Saved data entries

Lemma cond_exp_crossed_pair p q : p \in [set p1; p2] -> q \in [set q1; q2] ->
  cond_exp balancing_prior X [set p; q] = v.
Proof.
move=> pP qQ.
have vp : v < X p by move: pP; rewrite !inE => /orP[]/eqP->.
have qv : X q < v by move: qQ; rewrite !inE => /orP[]/eqP->.
have [pt qt] : p \in traded /\ q \in traded.
  by move: pP qQ; rewrite /traded !inE => /orP[]/eqP-> /orP[]/eqP->; rewrite !eqxx ?orbT.
have pq : p != q by apply: contraTneq vp => ->; rewrite -leNgt ltW.
apply/cond_exp_eq; rewrite big_setU1 ?big_set1 ?inE //=.
  by rewrite gt_eqF // addr_gt0 // divr_gt0 ?weight_gt0 ?total_weight_gt0.
rewrite !prior_deviation // gtr0_sg ?subr_gt0 // ltr0_sg ?subr_lt0 //.
by rewrite mulNr subrr.
Qed.

Lemma crossed_pairs_non_separable : non_separable crossed_pairs X.
Proof.
have total_gt0 := total_weight_gt0.
exists balancing_prior, v; split; [split|split].
- by move=> x; rewrite divr_ge0 ?weight_ge0 ?ltW.
- by rewrite /balancing_prior -mulr_suml mulfV ?gt_eqF.
- exists p1; split; first by rewrite divr_gt0 ?weight_gt0 // !inE eqxx.
  by apply/eqP; rewrite gt_eqF.
move=> i w muw; have wt : w \in traded.
  by apply: contraTT muw; rewrite /balancing_prior /weight => /negPf->; rewrite mul0r ltxx.
by have [p [q [pP qQ ->]]] := crossed_pairs_cell i wt; apply: cond_exp_crossed_pair.
Qed.

End CrossedPairs.

Section TwoOnEachSide.
Variables (R : realType) (Omega : finType).
Implicit Types X : Omega -> R.

Definition two_on_each_side X : Prop := exists v : R,
  (exists p1 p2, [/\ p1 != p2, v < X p1 & v < X p2]) /\
  (exists q1 q2, [/\ q1 != q2, X q1 < v & X q2 < v]).
(* Assume $f:\mathbb{R}^n\to\mathbb{R}$ is convex with bounded level sets, and there exist $M_1,M_2>0$ such that $\|v\|\le M_1\|x\|+M_2$ for all $x\in\mathbb{R}^n$ and all $v\in\partial f(x)$. Let $\gamma_k,\delta_k,s_k>0$ for all $k$. Let $B>0$ be such that $\|x^*\|\le B$ and $\|v\|\le B$ for all $x^*\in X^*$ and all $v\in\partial f(x^* )$, and let $\rho\in[0,1]$ be arbitrary. Then the iterates of the random incremental penalty method surely satisfy, for all $x^*\in X^*$ and $k\ge1$, $$\begin{aligned}\|x_{k+1}-x^*\|^2\le{}&(1+4s_k^2M_1^2)\|x_k-x^*\|^2+2s_k\big((1-\rho)B+\rho(M_1B+M_2)\big)\mathrm{dist}(x_k,X)\\&+2s_k\rho\big(f^*-f(\Pi_X[x_k])\big)+2s_k\rho M_1\|x_k-x^*\|\,\mathrm{dist}(x_k,X)\\&+\frac{s_k\gamma_k\delta_k}{2\alpha_{\min}}-2s_k\gamma_k\,\mathrm{dist}(x_k,X_{i_k})+4s_k^2\big(M_1^2B^2+M_2^2+\gamma_k^2\big).\end{aligned}$$
   Context: Let $a_1,\dots,a_m\in\mathbb{R}^n$ be nonzero vectors and $b_1,\dots,b_m\in\mathbb{R}$; $X_i=\{x:\langle a_i,x\rangle-b_i\le0\}$, $X=\bigcap_{i=1}^mX_i$ (assumed nonempty), $\alpha_{\min}=\min_i\|a_i\|$; $\Pi_X$ is the Euclidean projection onto $X$. $X^*$ and $f^*$ are the solution set and optimal value of $\min_{x\in X}f(x)$. For $\delta>0$, nonzero $a$ and scalar $b$: $h_\delta(x;a,b)=\frac{\langle a,x\rangle-b}{\|a\|}$ if $\langle a,x\rangle-b>\delta$, $\frac{(\langle a,x\rangle-b+\delta)^2}{4\delta\|a\|}$ if $-\delta\le\langle a,x\rangle-b\le\delta$, $0$ if $\langle a,x\rangle-b<-\delta$; its gradient is $\nabla h_\delta(x;a,b)=\frac{1}{\|a\|}p'_\delta(\langle a,x\rangle-b)\,a$ with $p'_\delta(s)=1$ for $s>\delta$, $\frac{s+\delta}{2\delta}$ for $|s|\le\delta$, $0$ for $s<-\delta$. Random incremental penalty method: from an initial point $x_1$, for $k\ge1$, $x_{k+1}=x_k-s_k\big[\tilde\nabla f(x_k)+\gamma_k\nabla h_{\delta_k}(x_k;a_{i_k},b_{i_k})\big]$, where $\tilde\nabla f(x_k)\in\partial f(x_k)$ and $i_k\in\{1,\dots,m\}$ is chosen uniformly at random. *)

From HB Require Import structures.
From mathcomp Require Import all_boot all_order all_algebra.
From mathcomp Require Import boolp classical_sets reals.
Set Implicit Arguments. Unset Strict Implicit. Unset Printing Implicit Defensive.
Import Order.TTheory GRing.Theory Num.Theory.
Local Open Scope ring_scope.
Local Open Scope classical_set_scope.

Section Defs.
Variables (R : realType) (n : nat).
Notation vec := 'rV[R]_n.

Definition dot (x y : vec) : R := \sum_(j < n) x ord0 j * y ord0 j.
Definition vnorm (x : vec) : R := Num.sqrt (dot x x).

Definition convex_fun (f : vec -> R) : Prop :=
  forall (x y : vec) (t : R), 0 <= t -> t <= 1 ->
    f (t *: x + (1 - t) *: y) <= t * f x + (1 - t) * f y.

Definition bounded_level_sets (f : vec -> R) : Prop :=
  forall c : R, exists r : R, forall x, f x <= c -> vnorm x <= r.

Definition subdiff (f : vec -> R) (x : vec) : set vec :=
  [set v | forall y, f x + dot v (y - x) <= f y].

Definition dist (x : vec) (S : set vec) : R := inf [set vnorm (x - y) | y in S].

(* Euclidean projection onto S (a nearest point of S; unique for closed convex S) *)
Definition proj (S : set vec) (x : vec) : vec :=
  xget 0 [set p | S p /\ forall y, S y -> vnorm (x - p) <= vnorm (x - y)].
Lemma stationary_of_rigid N (r : config) (rt : R -> config) : (2 <= N)%nat ->
  in_config_space N r ->
  (forall t a b, 0 <= t -> (a < N)%nat -> (b < N)%nat -> dist (rt t) a b = dist r a b) ->
  stationary N rt.
Proof.
  intros HN Hr Hrigid.
  destruct (dist_lower_bound N r Hr) as [d [Hd Hdist]].
  set (C2 := sumN N (fun a => sumN N (fun b => dist r a b))).
  assert (HC2 : forall a b, (a < N)%nat -> (b < N)%nat -> dist r a b <= C2)
    by (intros a b Ha Hb; apply (sumN2_ge N (dist r)); auto; intros; apply norm2_nonneg).
  exists d, C2. split; [exact Hd|]. split.
  - apply Rle_trans with (dist r 0 1); [apply Hdist | apply HC2]; lia.
  - intros t a b Ht Ha Hb Hab. rewrite Hrigid by auto. auto.
Qed.

Lemma uniform_rotation_periodic N (rho phi : nat -> R) omega : 0 < omega ->
  periodic N (fun t i =>
    (rho i * cos (phi i + omega * t), rho i * sin (phi i + omega * t))).
Proof.
  intros Hom. exists (2 * PI / omega). split.
  - pose proof PI_RGT_0. apply Rdiv_lt_0_compat; lra.
  - intros t i _ _.
    replace (phi i + omega * (t + 2 * PI / omega)) with (phi i + omega * t + 2 * PI)
      by (field; lra).
    set (x := phi i + omega * t).
    rewrite (cos_plus x), (sin_plus x), cos_2PI, sin_2PI. f_equal; ring.
Qed.

Theorem theorem3p2 (N : nat) (m : nat -> R) (gamma lambda : R)
  (rl : config) (phi : nat -> R) :
  (2 <= N)%nat ->
  (forall i, (i < N)%nat -> 0 < m i) ->
  0 < gamma ->
  0 < lambda ->
  (* rl is a minimum point of f + lambda g on the configuration space *)
  in_config_space N rl ->
  (forall r, in_config_space N r ->
     fpot N gamma m rl + lambda * gmom N m rl <= fpot N gamma m r + lambda * gmom N m r) ->
  (* polar angles of the bodies of rl *)
  (forall i, (i < N)%nat ->
     rl i = (norm2 (rl i) * cos (phi i), norm2 (rl i) * sin (phi i))) ->
  let omega := sqrt (2 * lambda) in
  let rt : R -> config := fun t i =>
     (norm2 (rl i) * cos (phi i + omega * t), norm2 (rl i) * sin (phi i + omega * t)) in
  stationary N rt /\ periodic N rt /\
  forall t i, 0 <= t -> (i < N)%nat ->
    has_partial_i (fpot N gamma m) (rt t) i /\
    has_partial_i (gmom N m) (rt t) i /\
    partial_i (fpot N gamma m) (rt t) i =
      (- lambda * fst (partial_i (gmom N m) (rt t) i),
       - lambda * snd (partial_i (gmom N m) (rt t) i)) /\
    Force N gamma m (rt t) i =
      (-2 * lambda * m i * fst (rt t i), -2 * lambda * m i * snd (rt t i)).
Proof.
  (* Positivity of the masses and of gamma only matters for the existence of a minimiser. *)
  intros HN _ _ Hl Hconf Hmin Hpolar omega rt.
  assert (Hrot : forall t k, (k < N)%nat -> rt t k = rot (omega * t) (rl k)).
  { intros t k Hk. unfold rt. rewrite <- rot_polar, <- Hpolar by exact Hk. reflexivity. }
  assert (Hmin_t : forall t, is_minimizer N gamma m lambda (rt t)).
  { intros t. apply (is_minimizer_orthogonal_map N gamma m lambda (rot (omega * t)) rl);
      auto using rot_orthogonal. split; assumption. }
  split; [|split].
  - apply (stationary_of_rigid N rl); auto.
    intros t a b _ Ha Hb. apply (dist_orthogonal_map N (rot (omega * t))); auto using rot_orthogonal.
  - apply (uniform_rotation_periodic N (fun i => norm2 (rl i))).
    apply sqrt_lt_R0. lra.
  - intros t i _ Hi.
    destruct (partial_i_fpot N gamma m (rt t) i (proj1 (Hmin_t t)) Hi) as [Hf ->].
    destruct (partial_i_gmom N m (rt t) i Hi) as [Hg ->].
    rewrite (minimizer_force N gamma m lambda (rt t) i (Hmin_t t) Hi); cbn [fst snd].
    split; [exact Hf|]. split; [exact Hg|]. split; [f_equal; ring | reflexivity].
Qed.
Lemma canonical_path_spec k q : (k <= n)%N -> size q = k ->
  let c := canonical_path k (vtx q) in
  [/\ size c = k, vtx c = vtx q,
      margin dl (mismatches q) <= margin dl (mismatches c) &
      (excess_lt dl 0 (mismatches q) -> excess_lt dl 0 (mismatches c))].
Proof.
elim: k q => [|k IH] q hk hq; first by case: q hq.
case/lastP: q hq => [|q a] //; rewrite size_rcons => -[hq].
have [IH1 IH2 IH3 _] := IH q (ltnW hk) hq; move=> c.
have hqa : entry_edge k (canonical_path k) (vtx (rcons q a)) (vtx q, a).
  by rewrite /entry_edge /= IH1 IH2 vtx_rcons (layer_vtx layered) hq ?(ltnW hk) ?eqxx.
case: (arg_maxP (entry_margin (canonical_path k)) hqa) => e he emax.
rewrite /c canonical_pathS /chosen_entry; case: pickP => [e0 he0|/(_ e)]; last first.
  move/negbT; rewrite /best_entry he => /forallPn [e'].
  by rewrite negb_imply => /andP[/emax h /negP].
case/andP: he0 => /and4P[/eqP hx /eqP hl /eqP hv /eqP hs] /forallP bmax.
have := implyP (bmax (vtx q, a)) hqa; rewrite /entry_margin /= => hle.
rewrite size_rcons hs vtx_rcons hv hx !mismatches_rcons hv -surjective_pairing.
split=> //; last by rewrite !excess_lt0_rcons; lra.
by rewrite !margin_rcons le_min ge_min lexx /= ge_min; apply/orP; right; lra.
Qed.

End CanonicalPaths.

Lemma card_ge_layers (V : finType) (layer : V -> nat) n (X : {set V})
    (G : {set 'I_n.+1}) :
  (forall x, layer x <= n)%N ->
  (forall j, (0 < j <= n)%N -> exists2 x, x \in X & layer x = j) ->
  (forall j : 'I_n.+1, j \in G -> 1 < #|[set x in X | layer x == j]|)%N ->
  (n + #|G| <= #|X|)%N.
Proof.
move=> layer_le cover crowded.
have -> : #|X| = (\sum_(j < n.+1) #|[set x in X | layer x == j]|)%N.
  rewrite -sum1_card (partition_big (fun x => inord (layer x) : 'I_n.+1) xpredT) //=.
  apply: eq_bigr => j _; rewrite -sum1_card; apply: eq_bigl => x; rewrite !inE.
  congr (_ && _); apply/eqP/eqP => [<-|xj]; first by rewrite inordK ?ltnS.
  by apply: val_inj; rewrite /= inordK ?ltnS.
have <- : (\sum_(j < n.+1) ((0 < j)%N + (j \in G)) = n + #|G|)%N.
  rewrite big_split /=; congr (_ + _)%N.
    by rewrite big_ord_recl /= add0n sum1_card card_ord.
  by rewrite -sum1_card [RHS]big_mkcond; apply: eq_bigr => j _; case: (j \in G).
apply: leq_sum => j _; case jG: (j \in G).
  by apply: leq_trans (crowded j jG); case: (0 < j)%N.
have [j0|j_gt0] := posnP j; first by rewrite j0.
have [|x xX xj] := cover j; first by rewrite j_gt0 -ltnS ltn_ord.
by apply/card_gt0P; exists x; rewrite inE xX xj eqxx.
Qed.

Lemma Lset_sub_Lall (Sin Sout V : finType) n (root : V) (next : V -> Sin -> V)
    (C : V -> Sin -> Sout) (R : realFieldType) (eps : R) (w : n.-tuple Sout)
    (i : 'I_n.+1) :
  (0 < i)%N -> {subset Lset root next C eps w i <= Lall root next C eps w}.
Proof. by move=> i_gt0 v vL; rewrite inE; apply/existsP; exists i; rewrite i_gt0. Qed.

Section RichPrefixTree.
Variables (Sin Sout V : finType) (n : nat) (layer : V -> nat) (root : V)
  (next : V -> Sin -> V) (C : V -> Sin -> Sout).
Hypothesis layered : layered_graph n layer root next.
Variables (R : realFieldType) (eps : R) (w : n.-tuple Sout).
Hypotheses (eps_ge0 : 0 <= eps) (eps_lt1 : eps < 1).
Variables (vd : V) (a0 : Sin).
Hypothesis vd_good : vd \in Lall root next C eps w.
Hypothesis vd_deepest :
  forall v, v \in Lall root next C eps w -> (layer v <= layer vd)%N.

Local Notation vtx := (vtx root next).
Local Notation agree := (agree layer C).
Local Notation good u p := (excess_lt (1 - eps) 0 (mismatches layer root next C u p)).
Local Notation d := (layer vd).
Local Open Scope nat_scope.

Definition canonical_path_to v :=
  canonical_path layer root next C (1 - eps) w (layer v) v.

Lemma canonical_path_to_spec v : v \in Lall root next C eps w ->
  [/\ 0 < layer v <= n, size (canonical_path_to v) = layer v,
      vtx (canonical_path_to v) = v & good w (canonical_path_to v)].
Proof.
rewrite inE => /existsP [i /andP[i_gt0]]; rewrite inE => /existsP [q /andP[/eqP qv qgood]].
have hq : size q = i by rewrite size_tuple.
have i_le : i <= n by rewrite -ltnS ltn_ord.
have [c_size c_vtx _ c_good] := canonical_path_spec C layered (1 - eps) w i_le hq.
rewrite /canonical_path_to -qv (layer_vtx layered) hq ?i_le //; split; rewrite ?i_gt0 //.
by apply/c_good/(dsfx_lt_excess C layered); rewrite ?size_tuple ?hq.
Qed.

Definition spine := canonical_path_to vd ++ nseq (n - d) a0.
Definition spine_end := vtx spine.
Definition spine_edge j := (vtx (take j spine), nth a0 spine j).
Definition tree_vertices := spine_end |: Lall root next C eps w.
Definition tree_path v := if v == spine_end then spine else canonical_path_to v.
Definition tree_edges := union_edges root next tree_vertices tree_path.

Lemma size_spine : size spine = n.
Proof.
have [/andP[_ d_le] size_d _ _] := canonical_path_to_spec vd_good.
by rewrite size_cat size_d size_nseq subnKC.
Qed.

Lemma layer_spine_edge j : j < n -> layer (spine_edge j).1 = j.
Proof. by move=> hj; rewrite (layer_vtx layered) size_take size_spine hj // ltnW. Qed.

Lemma spine_edge_tree j : j < n -> spine_edge j \in tree_edges.
Proof.
move=> hj; apply/bigcupP; exists spine_end; first exact: setU11.
by rewrite inE /tree_path eqxx edges_from_root_nth ?size_spine.
Qed.

Lemma tree_path_spec v : v \in tree_vertices ->
  [/\ size (tree_path v) = layer v, 0 < layer v <= n & vtx (tree_path v) = v].
Proof.
rewrite /tree_path; case: eqP => [->|neq /setU1P [//|/canonical_path_to_spec [] //]] _.
have [/andP[d_gt0 d_le] _ _ _] := canonical_path_to_spec vd_good.
by rewrite /spine_end (layer_vtx layered) size_spine ?leqnn ?(leq_trans d_gt0).
Qed.

Lemma tree_edge_cases e : e \in tree_edges ->
  (layer e.1 < d /\
   chosen_entry layer root next C (1 - eps) w (layer e.1) (next e.1 e.2) = Some e) \/
  (d <= layer e.1 < n /\ e = spine_edge (layer e.1)).
Proof.
move=> /bigcupP [v vS]; rewrite inE => ev.
have [size_v /andP[_ lv_le] _] := tree_path_spec vS.
have [j hj [ej le1]] := mem_edges_from_root layered a0 (leq_trans (eq_leq size_v) lv_le) ev.
have j_lt : j < n by rewrite (leq_trans hj) ?size_v.
have [_ size_d _ _] := canonical_path_to_spec vd_good.
move: ev ej; rewrite /tree_path; case: eqP => [_|neq] ev ej.
- case: (ltnP j d) => hjd; last by right; rewrite le1 hjd.
  left; split; first by rewrite le1.
  apply: (canonical_path_edge (k := d) (x := vd)).
  by rewrite ej /spine take_cat nth_cat size_d hjd edges_from_root_nth ?size_d.
- have vG : v \in Lall root next C eps w by case/setU1P: vS.
  left; split; last exact: (canonical_path_edge (k := layer v) (x := v)).
  by rewrite le1 (leq_trans hj) // size_v vd_deepest.
Qed.

Lemma layer_next_tree_edge e : e \in tree_edges -> layer (next e.1 e.2) = (layer e.1).+1.
Proof.
move=> /tree_edge_cases he; apply: (layer_next layered).
have [/andP[_ d_le] _ _ _] := canonical_path_to_spec vd_good.
by case: he => [[/leq_trans ->]|[/andP[]]].
Qed.

Lemma tree_in_degree1 e1 e2 : e1 \in tree_edges -> e2 \in tree_edges ->
  next e1.1 e1.2 = next e2.1 e2.2 -> e1 = e2.
Proof.
move=> he1 he2 same.
have /eqP : (layer e1.1).+1 = (layer e2.1).+1.
  by rewrite -!layer_next_tree_edge // same.
rewrite eqSS => /eqP same_layer.
case: (tree_edge_cases he1) (tree_edge_cases he2) => [[lt1 pick1]|[/andP[ge1 _] ->]].
- case=> [[_ pick2]|[/andP[ge2 _] _]]; last by rewrite -same_layer leqNgt lt1 in ge2.
  by move: pick1 pick2; rewrite same_layer same => -> [].
- case=> [[lt2 _]|[_ ->]]; last by rewrite same_layer.
  by rewrite same_layer leqNgt lt2 in ge1.
Qed.

(* Agreements of [w] on the canonical part of the tree are kept; every other
   letter is taken from the spine, so that each layer is entered by an agreeing
   edge and no tree path gains a mismatch. *)
Definition adjusted j :=
  if (j < d) && [exists e in tree_edges, (layer e.1 == j) && agree w e]
  then nth (C root a0) w j else C (spine_edge j).1 (spine_edge j).2.

Definition adjusted_word : n.-tuple Sout :=
  @Tuple n Sout (mkseq adjusted n) (introT eqP (size_mkseq adjusted n)).

Lemma onth_adjusted_word j : j < n -> onth adjusted_word j = Some (adjusted j).
Proof. by move=> hj; rewrite (onth_nth_lt (C root a0)) ?size_mkseq ?nth_mkseq. Qed.

Lemma spine_tail_agree j : d <= j < n -> agree adjusted_word (spine_edge j).
Proof.
move=> /andP[ge_d lt_n].
by rewrite /agree (layer_spine_edge lt_n) onth_adjusted_word // /adjusted ltnNge ge_d.
Qed.

Lemma agree_adjusted_word e : e \in tree_edges -> agree w e -> agree adjusted_word e.
Proof.
move=> he; case: (tree_edge_cases he) => [[lt_d _]|[tail ->]] agree_e; last first.
  exact: spine_tail_agree.
have [/andP[_ d_le] _ _ _] := canonical_path_to_spec vd_good.
have lt_n : layer e.1 < n by apply: leq_trans lt_d d_le.
rewrite /agree onth_adjusted_word // /adjusted lt_d /=.
have -> : [exists e' in tree_edges, (layer e'.1 == layer e.1) && agree w e'].
  by apply/existsP; exists e; rewrite he eqxx.
by move: agree_e; rewrite /agree (onth_nth_lt (C root a0)) ?size_tuple.
Qed.

Lemma tree_edge_of_path v : v \in tree_vertices ->
  {subset edges_from next root (tree_path v) <= tree_edges}.
Proof. by move=> vS e ev; apply/bigcupP; exists v; rewrite // inE. Qed.

Lemma spine_good : good adjusted_word spine.
Proof.
have [/andP[_ d_le] size_d _ good_d] := canonical_path_to_spec vd_good.
set padded := mismatches layer root next C w (canonical_path_to vd) ++ nseq (n - d) false.
have sizeE : size (mismatches layer root next C adjusted_word spine) = size padded.
  by rewrite size_cat !size_mismatches size_nseq /spine size_cat size_nseq.
apply: excess_lt_le_nth sizeE _ _; last first.
  by apply: excess_lt0_cat_nseq_false; rewrite // subr_gt0.
move=> j; case: (ltnP j n) => lt_n; last by rewrite nth_default // size_mismatches size_spine.
rewrite (nth_mismatches _ _ _ _ _ a0) ?size_spine // /padded nth_cat size_mismatches size_d.
case: (ltnP j d) => lt_d; last by rewrite -/(spine_edge j) spine_tail_agree ?lt_d.
rewrite (nth_mismatches _ _ _ _ _ a0) ?size_d //; apply: contra => agree_j.
rewrite -/(spine_edge j) agree_adjusted_word ?spine_edge_tree //.
by move: agree_j; rewrite /spine_edge /spine take_cat nth_cat size_d lt_d.
Qed.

:: Description of the task ::
From the first line of the data through the line with "by move: pP qQ;", quote each line exactly and add nothing else.

:: Result ::
Lemma cond_exp_crossed_pair p q : p \in [set p1; p2] -> q \in [set q1; q2] ->
  cond_exp balancing_prior X [set p; q] = v.
Proof.
move=> pP qQ.
have vp : v < X p by move: pP; rewrite !inE => /orP[]/eqP->.
have qv : X q < v by move: qQ; rewrite !inE => /orP[]/eqP->.
have [pt qt] : p \in traded /\ q \in traded.
  by move: pP qQ; rewrite /traded !inE => /orP[]/eqP-> /orP[]/eqP->; rewrite !eqxx ?orbT.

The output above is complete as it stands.